HINT:  The transaction might succeed if retried.

What I want to do.

  • I can not lower transaction level (I'm using edgedb and it forces SERIALIZABLE)
  • I want to avoid error.
  • and I want to maintain full concurrency (50 or more concurrent call)

Question

  • could you please explain why there are conflicts? I use uuid (it's not auto incremented integer so it doesn't require lock I guess) and they are all transactions inserting different rows. where do (lock) conflicts come from?

P.S.

my problem is simillar to Why does PostgreSQL serializable transaction think this as conflict? but even if I added

            await conn.execute(
                "SET enable_seqscan = off;"
            )
            id_ = await conn.fetchval(
                f"""
            INSERT INTO participants (name) VALUES ('test_{str(uuid4())}') RETURNING id;
            """
...
            )

error stays the same

could not serialize access due to read/write dependencies among transactions
DETAIL:  Reason code: Canceled on commit attempt with conflict in from prepared pivot.
HINT:  The transaction might succeed if retried.

Solution

  • An INSERT into participant_dates will look up and lock the referenced row in participants. With SERIALIZABLE isolation, this read will put a predicate lock on participants. This predicate lock is probably an SIRead lock on the index leaf page of participants' primary key index that contains the id in question.
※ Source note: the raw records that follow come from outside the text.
Lemma strongly_convex_argmin_uniq {z0 : H} {G0 : R} {y1 y2 : H} :
  f z0 = G0%:E -> argmin f y1 -> argmin f y2 -> y1 = y2.
Proof.
move=> fz0 y1min y2min.
have [G1 fy1] : exists G1, f y1 = G1%:E.
  by move: (y1min z0) (f_ninfty y1); rewrite fz0; case: (f y1) => [G1| |] //; exists G1.
rewrite strongly_convex_argmin_growth in y1min.
have := le_trans (y1min y2) (y2min y1); rewrite fy1 -EFinD lee_fin => growth.
have : m / 2 * `|y1 - y2| ^+ 2 <= 0 by lra.
rewrite pmulr_rle0 ?divr_gt0 //.
by move=> n0; apply/eqP; rewrite -subr_eq0 -normr_eq0 -sqrf_eq0 eq_le n0 sqr_ge0.
Qed.

End StronglyConvexMinimization.

Section StronglyConvexArgmin.
Context {R : realType} {H : completeNormedModType R} {m : R} {f : H -> \bar R}
  {z0 : H} {G0 : R}.
Hypotheses (m_gt0 : 0 < m) (f_ninfty : forall x, f x != -oo%E)
  (f_lsc : lower_semicontinuous f) (f_sc : strongly_convex m f)
  (fz0 : f z0 = G0%:E).

Lemma strongly_convex_argmin_exists : exists y, argmin f y.
Proof.
have [L fL] := strongly_convex_bounded_below m_gt0 f_ninfty f_lsc f_sc fz0.
pose S := [set r : R | exists z, f z = r%:E].
have S_inf : has_inf S.
  split; first by exists G0, z0.
  by exists L => r [z fz]; move: (fL z); rewrite fz lee_fin.
pose i := inf S.
have i_le z : (i%:E <= f z)%E.
  case fz: (f z) => [r| |]; [ | exact: leey | by have := f_ninfty z; rewrite fz].
  by rewrite lee_fin; apply: (ge_inf S_inf.2); exists z.
have /choice[s s_min] :
    forall n, exists z, exists2 r, f z = r%:E & r < i + n.+1%:R^-1.
  move=> n.
  have n_gt0 : 0 < n.+1%:R^-1 :> R by rewrite invr_gt0.
  have [r [z fz] r_lt] := inf_adherent n_gt0 S_inf.
  by exists z; exists r.
have s_cvg : cvg (s @ \oo).
  apply/cauchy_cvgP/cauchy_exP.
  exact: (strongly_convex_minimizing_cauchy (H := H) m_gt0 f_sc i_le s_min).
exists (lim (s @ \oo)) => z; apply: le_trans (i_le z).
rewrite leNgt; apply/negP => i_lt.
have [a [ia fa]] : exists a, i < a /\ (a%:E < f (lim (s @ \oo)))%E.
  move: i_lt; case: (f (lim (s @ \oo))) => [G| |] // i_lt.
  - by exists ((i + G) / 2); rewrite !lte_fin in i_lt *; split; lra.
  - by exists (i + 1); split; [lra | exact: ltry].
have [V Vlim fV] := f_lsc _ _ fa.
have ai0 : 0 < a - i by lra.
have s_in_V : \forall n \near \oo, V (s n) := s_cvg V Vlim.
have [n [Vsn n_lt]] := filter_ex (filterI s_in_V (near_infty_natSinv_lt (PosNum ai0))).
have [r fsn r_lt] := s_min n.
have r_lt_a : r < a by rewrite (lt_trans r_lt) // addrC -ltrBrDr.
by move: (fV _ Vsn); rewrite fsn lte_fin ltNge (ltW r_lt_a).
Qed.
    As soon as a concurrent transaction inserts rows for a different id that happens to be in the same index page, you will get a (false positive) serialization error. These false positive serialization errors are to be expected:

    While PostgreSQL's Serializable transaction isolation level only allows concurrent transactions to commit if it can prove there is a serial order of execution that would produce the same effect, it doesn't always prevent errors from being raised that would not occur in true serial execution.

    With SERIALIZABLE isolation, you have to be ready to repeat transactions if they fail with a serialization error. It makes sense to reduce these errors, but the attempt to avoid them completely is a fool's errand. As a consolation, you will find that the errors will become less frequent as the tables grow.